Lemma vertex_shortcut R S v : metric ends w ->
  v \in VX S -> balanced S v -> even_graph (R ++ S) ->
  exists S1, [/\ size S1 < size S, weight S1 <= weight S, even_graph (R ++ S1) &
    {subset [seq e <- S | ~~ incident e v] <= S1}].
Proof.
move=> hm vS dv ev.
case: (boolP (has (fun e => joins e v v) S)) => [/hasP [e1 e1S j1] | nloop].
  have hp := perm_to_rem e1S; have hw := weight_perm hp; rewrite weight_cons in hw.
  have i1 := joins_incident j1.
  exists (rem e1 S); split.
  - by rewrite (perm_size hp).
  - by rewrite hw leq_addl.
  - apply: (even_graph_double_diff (m := fun y => (v == y) : nat)) ev => y.
    by rewrite (deg_perm y hp) -cat1s deg_cat (deg_seq1 y j1) -addnn addnC.
  - by move=> x /(sub_filter_rem2 i1 i1) /mem_rem.
move: vS; rewrite inVX => /hasP [e1 e1S /incident_joins [u1 j1]].
have u1v : u1 != v by apply: contraNneq nloop => u1v; apply/hasP; exists e1; rewrite // -{2}u1v.
have hp := perm_to_rem e1S.
have : 0 < deg (rem e1 S) v.
  move: dv; rewrite /Defs.balanced (deg_perm v hp) -cat1s deg_cat (deg_seq1 v j1) eqxx.
  by rewrite (negbTE u1v); case: (deg _ v).
rewrite deg_gt0 inVX => /hasP [e2 e2S /incident_joins [u2 j2]].
have [S1 [h1 h2 h3 h4 _]] := pair_shortcut hm e1S e2S j1 j2 ev.
exists S1; split => // x /(sub_filter_rem2 (joins_incident j1) (joins_incident j2)).
exact: h4.
Qed.

Lemma shortcut_disconnects R S v : metric ends w -> edge_minimizing ends w R S ->
  v \in VX S -> balanced S v -> ~ connects (VX R) (R ++ [seq e <- S | ~~ incident e v]).
Proof.
move=> hm hmin vS dv conn.
have [S1 [h1 h2 h3 h4]] := vertex_shortcut hm vS dv (eulerian_even hmin.1).
apply: (edge_minimizing_disconnects hmin h1 h2 h3) => a b aR bR.
apply: sub_connect_adj (conn a b aR bR) => x; rewrite !mem_cat => /orP [-> // | /h4 ->].
by rewrite orbT.
Qed.
(* For fixed L the potential is a pencil V + J W of polynomials. Having a
   degenerate critical point is a first-order property of J over the
   algebraically closed field C, so by quantifier elimination the set S of
   such J is finite or cofinite. It is not cofinite: at J = 0 the sites
   decouple and, as lambda, mu <> 0, every critical point is nondegenerate;
   quantitatively, for |J| small the critical points stay bounded, each q_i
   stays close to a root of q (lambda/6 q^2 - mu^2), and the Hessian stays
   diagonally dominant. Hence every S is finite and T is a countable union
   of finite sets. *)

Section FiniteOrCofinite.
Variable F : closedFieldType.
Implicit Types (P Q : F -> Prop) (p : {poly F}).

Definition finite_or_cofinite P :=
  exists s : seq F, (forall x, P x -> x \in s) \/ (forall x, ~ P x -> x \in s).

Lemma finite_or_cofinite_ext P Q :
  finite_or_cofinite P -> (forall x, P x <-> Q x) -> finite_or_cofinite Q.
Proof.
move=> [s [sP|sP]] PQ; exists s; [left|right] => x Qx; apply: sP; first exact/PQ.
by move/PQ.
Qed.

Lemma finite_or_cofiniteN P :
  finite_or_cofinite P -> finite_or_cofinite (fun x => ~ P x).
Proof.
move=> [s [sP|sP]]; exists s; [right|left] => x Px; apply: sP => //.
exact: NNPP.
Qed.

Lemma finite_or_cofiniteU P Q : finite_or_cofinite P -> finite_or_cofinite Q ->
  finite_or_cofinite (fun x => P x \/ Q x).
Proof.
move=> [s [sP|sP]] [t [tQ|tQ]].
- by exists (s ++ t); left => x [/sP|/tQ] xs; rewrite mem_cat xs ?orbT.
- by exists t; right => x PQx; apply: tQ => Qx; apply: PQx; right.
- by exists s; right => x PQx; apply: sP => Px; apply: PQx; left.
- by exists s; right => x PQx; apply: sP => Px; apply: PQx; left.
Qed.

Lemma finite_or_cofiniteI P Q : finite_or_cofinite P -> finite_or_cofinite Q ->
  finite_or_cofinite (fun x => P x /\ Q x).
Proof.
move=> fP fQ; apply: (finite_or_cofinite_ext (finite_or_cofiniteN
  (finite_or_cofiniteU (finite_or_cofiniteN fP) (finite_or_cofiniteN fQ)))).
by move=> x; split=> [nPQ|[Px Qx] []//];
  split; apply: NNPP => nPx; apply: nPQ; [left|right].
Qed.
Lemma comps_wt f l : chain f l -> wt (comps f l).
Proof. by elim: l f => //= g l IH f [wf e c]; split=> //; [apply: IH | rewrite comps_tgt]. Qed.

Lemma chain_cat h l g m :
  chain h (l ++ g :: m) <-> [/\ chain h l, chain g m & tgt g = src (last h l)].
Proof.
elim: l h => [|k l IH] h /=; first by split=> [[]|[]].
by split=> [[w e /IH [c1 c2 e2]] | [[w e c1] c2 e2]]; split=> //; apply/IH.
Qed.

Lemma comps_cat h l g m : chain h (l ++ g :: m) ->
  ASeq (comps h (l ++ g :: m)) (cp (comps h l) (comps g m)).
Proof.
elim: l h => [|k l IH] h /=; first by move=> c; apply: ASeq_refl; apply: (comps_wt (l := g :: m)).
move=> [w e c]; have [c1 c2 e2] := (chain_cat k l g m).1 c.
apply: ASeq_trans; first by apply: eq_cpr (IH _ c) _ _; rewrite ?comps_tgt.
by apply: ASeq_sym; apply: cpA; rewrite ?comps_tgt ?comps_src //; apply: comps_wt.
Qed.

Lemma comps_prefix f l f' l' m : ASeq (comps f l) (comps f' l') ->
  chain f (l ++ m) -> chain f' (l' ++ m) -> ASeq (comps f (l ++ m)) (comps f' (l' ++ m)).
Proof.
case: m => [|g m] e c c'; first by rewrite !cats0.
have [c1 c2 e1] := (chain_cat f l g m).1 c; have [c1' _ e1'] := (chain_cat f' l' g m).1 c'.
apply: ASeq_trans (comps_cat c) _; apply: ASeq_trans (ASeq_sym (comps_cat c')).
by apply: eq_cp => //; [apply: ASeq_refl; apply: comps_wt | rewrite comps_tgt comps_src].
Qed.

Lemma comps_infix h p f l f' l' m : ASeq (comps f l) (comps f' l') ->
  chain h (p ++ f :: l ++ m) -> chain f' (l' ++ m) ->
  ASeq (comps h (p ++ f :: l ++ m)) (comps h (p ++ f' :: l' ++ m)).
Proof.
move=> e; have [_ _ es _] := ASeq_wt e.
elim: p h => [|g p IH] h /= [w eh c] c'; apply: eq_cpr => //; rewrite ?comps_tgt //.
- exact: comps_prefix.
- exact: IH.
Qed.
End Chains.

#[global] Hint Rewrite comps_src comps_tgt : src_tgt.

Lemma whisk_comps (K : comPzRingType) (u : K) s (h : tm K) l : chain h l ->
  ASeq (whisk u s (comps h l)) (comps (whisk u s h) [seq whisk u s g | g <- l]).
Proof.
elim: l h => [|g l IH] h /=; first by move=> w; apply: ASeq_refl; apply: whisk_wt.
move=> [w e c]; apply: ASeq_trans; first by apply: whisk_cp; typing; apply: comps_wt.
by apply: eq_cpr (IH _ c) _ _; typing.
Qed.

Section Interchange.
Variable K : comPzRingType.
Implicit Types (f g a b c d : tm K) (y z : obj K).

Lemma slide f g : wt f -> wt g ->
  ASeq (cp (tn (TId (tgt f)) g) (tn f (TId (src g))))
       (cp (tn f (TId (tgt g))) (tn (TId (src f)) g)).
Proof.
move=> wf wg; have [vsf vtf] := wt_valid wf; have [vsg vtg] := wt_valid wg.
apply: ASeq_trans; first by apply: interchange; typing.
apply: ASeq_trans; first by apply: eq_tn; [apply: cp1l | apply: cp1r].
apply: ASeq_sym; apply: ASeq_trans; first by apply: interchange; typing.
by apply: eq_tn; [apply: cp1r | apply: cp1l].
Qed.

Lemma slide_tn f g y z y' z' : wt f -> wt g -> src g = y ++ z -> tgt g = y' ++ z' ->
  ASeq (cp (tn (TId (tgt f)) g) (tn (tn f (TId y)) (TId z)))
       (cp (tn (tn f (TId y')) (TId z')) (tn (TId (src f)) g)).
Proof.
move=> wf wg sg tg; have [vs vt] := wt_valid wg.
move: vs vt; rewrite sg tg !valid_cat => /andP[vy vz] /andP[vy' vz'].
have tn_split y1 z1 : valid y1 -> valid z1 ->
    ASeq (tn (tn f (TId y1)) (TId z1)) (tn f (TId (y1 ++ z1))).
  by move=> v1 v2; apply: ASeq_trans (tnA _ _ _) _ => //; apply: eq_tnr (tnId v1 v2) _.
apply: ASeq_trans; first by apply: eq_cpr (tn_split _ _ vy vz) _ _; typing.
rewrite -sg; apply: ASeq_trans (slide wf wg) _.
by rewrite tg; apply: eq_cpl (ASeq_sym (tn_split _ _ vy' vz')) _ _; typing.
Qed.

Lemma eq_cp_tn1r a b c d y : valid y -> ASeq (cp a b) (cp c d) ->
  ASeq (cp (tn a (TId y)) (tn b (TId y))) (cp (tn c (TId y)) (tn d (TId y))).
Proof.
move=> vy e; have [[wa wb eab] [wc wd ecd] _ _] := ASeq_wt e.
have idy : ASeq (cp (TId y) (TId y)) (TId y) by apply: (@cp1r K (TId y)).
apply: ASeq_trans; first by apply: interchange; typing.
apply: ASeq_trans; first exact: eq_tn e idy.
apply: ASeq_sym; apply: ASeq_trans; first by apply: interchange; typing.
exact: eq_tnr idy _.
Qed.
End Interchange.
Lemma E_expand (N : nat) (mu : R) (s : config) (G : config -> R) :
  E N mu s G = / INR N / total_rate N mu s * resample_sum N s G
               + mu / total_rate N mu s * mutation_sum N s G.
Proof.
  unfold E, transitions, resample_sum, mutation_sum.
  rewrite map_app, sumR_app, sumR_flat_map. f_equal.
  - rewrite <- sumR_scal. apply sumR_ext_in; intros i _.
    rewrite map_map; simpl. rewrite <- sumR_scal. reflexivity.
  - rewrite map_map, <- sumR_scal. apply sumR_ext_in; intros i _. simpl.
    unfold zero_ind. destruct (Nat.eqb (nth i s 0%nat) 0); ring.
Qed.

Lemma E_ext (N : nat) (mu : R) (s : config) (G1 G2 : config -> R) :
  (forall x, G1 x = G2 x) -> E N mu s G1 = E N mu s G2.
Proof. intros H. unfold E. apply sumR_ext_in. intros; rewrite H; auto. Qed.

Lemma E_lin (N : nat) (mu : R) (s : config) (G1 G2 G3 : config -> R) (a b c : R) :
  E N mu s (fun x => a * G1 x + b * G2 x + c * G3 x)
  = a * E N mu s G1 + b * E N mu s G2 + c * E N mu s G3.
Proof. unfold E. induction (transitions N mu s); simpl; [ring | rewrite IHl; ring]. Qed.

Lemma E_zero (N : nat) (mu : R) (s : config) : E N mu s (fun _ => 0) = 0.
Proof. unfold E. induction (transitions N mu s); simpl; [ring | rewrite IHl; ring]. Qed.

Lemma E_mono (N : nat) (mu : R) (s : config) (G1 G2 : config -> R) :
  (1 <= N)%nat -> 0 <= mu -> length s = N ->
  (forall x, length x = N -> G1 x <= G2 x) -> E N mu s G1 <= E N mu s G2.
Proof.
  intros HN Hmu Hl H. pose proof (total_rate_pos N mu s HN Hmu Hl) as HR.
  assert (HNp : 0 < INR N) by (apply lt_0_INR; lia).
  rewrite !E_expand. unfold resample_sum, mutation_sum.
  apply Rplus_le_compat; apply Rmult_le_compat_l.
  - apply Rmult_le_pos; left; apply Rinv_0_lt_compat; auto.
  - apply sumR_le_in. intros i Hi. apply in_seq in Hi. apply sumR_le_in. intros j _.
    apply H. rewrite set_at_length; lia.
  - unfold Rdiv. apply Rmult_le_pos; [auto | left; apply Rinv_0_lt_compat; auto].
  - apply sumR_le_in. intros i Hi. apply in_seq in Hi. apply Rmult_le_compat_l.
    + destruct (zero_ind_01 (nth i s 0%nat)) as [H0|H0]; rewrite H0; lra.
    + apply H. rewrite set_at_length; lia.
Qed.
Lemma df_bounds_on_Omega : -1 <= df t < - kappa.
Proof.
  destruct hOm as [Ht _]. pose proof (lambda_le_R0 hlambda). split.
  - rewrite <- hdf0. apply (df_le hmono); lra.
  - pose proof (kappa_add_df_neg hmono hlambda t Ht). lra.
Qed.

Lemma newton_increment_ge : (1 + theta) * g <= s.
Proof.
  destruct hOm as [_ [_ Hg]]. pose proof df_bounds_on_Omega.
  apply Rmult_le_reg_r with (- df t); [lra |].
  unfold s. replace ((1 + theta) * g / - df t * - df t) with ((1 + theta) * g)
    by (field; lra).
  fold g in Hg. rewrite <- (Rmult_1_r ((1 + theta) * g)) at 2.
  apply Rmult_le_compat_l; [nra | lra].
Qed.

Lemma newton_increment_pos : 0 < s.
Proof.
  destruct hOm as [_ [_ Hg]]. fold g in Hg. pose proof newton_increment_ge. nra.
Qed.

Lemma newton_increment_le : (- kappa - df t) * s <= (1 - theta) * g.
Proof.
  destruct hOm as [_ [_ Hg]]. pose proof df_bounds_on_Omega.
  apply (damped_step_le kappa); [lra | unfold g; lra | lra | exact htheta_kappa | nra].
Qed.

(* The line through [(t, g)] with slope [kappa + df t] vanishes at this point. *)
Lemma tangent_root_lt_lambda : t + g / (- kappa - df t) < lambda.
Proof.
  destruct hOm as [Ht [[_ Heps] _]]. pose proof df_bounds_on_Omega.
  pose proof (f_add_kappa_lt_before_lambda hkappa hD hmono hlambda hcont t Ht).
  assert (g / (- kappa - df t) < lambda - t); [| lra].
  apply Rmult_lt_reg_r with (- kappa - df t); [lra |].
  replace (g / (- kappa - df t) * (- kappa - df t)) with g by (field; lra).
  unfold g. nra.
Qed.

Lemma newton_increment_le_tangent_root : s <= g / (- kappa - df t).
Proof.
  pose proof df_bounds_on_Omega. pose proof newton_increment_le.
  pose proof newton_increment_pos. destruct hOm as [_ [_ Hg]]. fold g in Hg.
  apply Rmult_le_reg_r with (- kappa - df t); [lra |].
  replace (g / (- kappa - df t) * (- kappa - df t)) with g by (field; lra). nra.
Qed.

Lemma newton_iterate_lt_lambda : t + s < lambda.
Proof.
  pose proof newton_increment_le_tangent_root. pose proof tangent_root_lt_lambda. lra.
Qed.

Lemma newton_residual_pos : 0 < f (t + s) - f t - df t * s.
Proof.
  destruct hOm as [[Ht _] _]. pose proof (lambda_le_R0 hlambda).
  pose proof newton_increment_pos. pose proof newton_iterate_lt_lambda.
  pose proof (tangent_lt hD hmono t (t + s) Ht ltac:(lra) ltac:(lra)).
  replace (t + s - t) with s in * by ring. lra.
Qed.

Lemma newton_residual_lt : f (t + s) - f t - df t * s < (1 - theta) ^ 2 * g / 2.
Proof.
  destruct hOm as [[Ht _] [_ Hg]]. fold g in Hg.
  pose proof df_bounds_on_Omega. pose proof (lambda_le_R0 hlambda).
  pose proof newton_increment_pos. pose proof newton_increment_le_tangent_root.
  pose proof tangent_root_lt_lambda.
  set (A := - kappa - df t) in *. set (v := t + g / A) in *.
  assert (HA : 0 < A) by (unfold A; lra).
  assert (t + s <= v) by (unfold v; lra).
  pose proof (tangent_gap_le_chord hD hconv t v (t + s) Ht ltac:(lra) ltac:(lra)
                ltac:(lra)) as Hgap.
  replace (t + s - t) with s in Hgap by ring.
  pose proof (kappa_add_df_neg hmono hlambda v ltac:(lra)).
  apply (parabola_bound_lt _ ((df v - df t) / (v - t)) A s); try assumption.
  - apply Rmult_le_pos; lra.
  - exact newton_increment_le.
  - replace ((df v - df t) / (v - t) * g) with ((df v - df t) * A)
      by (unfold v; field; lra).
    assert (df v - df t < A) by (unfold A; lra). nra.
Qed.

Lemma damped_newton_step :
  let ep := eps + 2 * theta * g in
  Omega f kappa lambda (t + s) ep /\ t < t + s /\ eps <= ep /\
  f (t + s) + ep < ((1 + theta ^ 2) / 2) * g.
Proof.
  intros ep. pose proof df_bounds_on_Omega. pose proof newton_increment_ge.
  pose proof newton_increment_pos. pose proof newton_iterate_lt_lambda.
  pose proof newton_residual_pos. pose proof newton_residual_lt.
  destruct hOm as [[Ht _] [[Heps Hepsk] Hg]]. fold g in Hg.
  assert (Hds : df t * s = - ((1 + theta) * g)) by (unfold s; field; lra).
  assert (Hfep : f (t + s) + ep = theta * g + (f (t + s) - f t - df t * s))
    by (rewrite Hds; unfold ep, g; ring).
  assert (Hep : eps <= ep) by (unfold ep; nra).
  split; [| split; [lra | split; [exact Hep |]]].
  - split; [split; lra | split; [split; [lra |] |]].
    + assert (2 * theta * g <= kappa * ((1 + theta) * g)) by nra.
      unfold ep. nra.
    + rewrite Hfep. nra.
  - rewrite Hfep.
    replace ((1 + theta ^ 2) / 2 * g) with (theta * g + (1 - theta) ^ 2 * g / 2) by field.
    lra.
Qed.

End DampedNewtonStep.

Theorem lemma4p2 (R0 : R) (f df : R -> R)
  (hC1 : C1_on_0R f df R0)
  (h1a : f 0 > 0) (h1b : df 0 = -1)
  (h2a : strictly_increasing_on_0R df R0) (h2b : convex_on_0R df R0)
  (h3 : exists t, 0 < t < R0 /\ f t < 0)
  (kappa : R)
  (hkappa : is_lub (fun y => exists t, 0 < t < R0 /\ y = - f t / t) kappa)
  (lambda : R)
  (hlambda : is_lub (fun s => 0 <= s < R0 /\ kappa + df s < 0) lambda)
  (theta t eps : R)
  (htheta : 0 <= theta <= kappa / (2 - kappa))
  (hOm : Omega f kappa lambda t eps) :
  let tp := t - (1 + theta) * (f t + eps) / df t in
  let ep := eps + 2 * theta * (f t + eps) in
  Omega f kappa lambda tp ep /\ t < tp /\ eps <= ep /\
  f tp + ep < ((1 + theta ^ 2) / 2) * (f t + eps).
Proof.
  intros tp ep. destruct hC1 as [hD hcont].
  pose proof (kappa_pos hkappa h3) as Hk.
  pose proof (mul_two_sub_le_of_le_div kappa theta htheta) as Htheta.
  pose proof (df_bounds_on_Omega h1b h2a hlambda t eps hOm) as Hdf.
  assert (Htp : tp = t + (1 + theta) * (f t + eps) / - df t)
    by (unfold tp; field; lra).
  rewrite Htp.
  exact (damped_newton_step hD hcont h1b h2a h2b hkappa hlambda Hk theta t eps
           (proj1 htheta) Htheta hOm).
Qed.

************

### Exercise brief:
Look above for every line with the word "ltac" and copy it.

### Solution for this problem:
  pose proof (tangent_lt hD hmono t (t + s) Ht ltac:(lra) ltac:(lra)).
  pose proof (tangent_gap_le_chord hD hconv t v (t + s) Ht ltac:(lra) ltac:(lra)
                ltac:(lra)) as Hgap.
  pose proof (kappa_add_df_neg hmono hlambda v ltac:(lra)).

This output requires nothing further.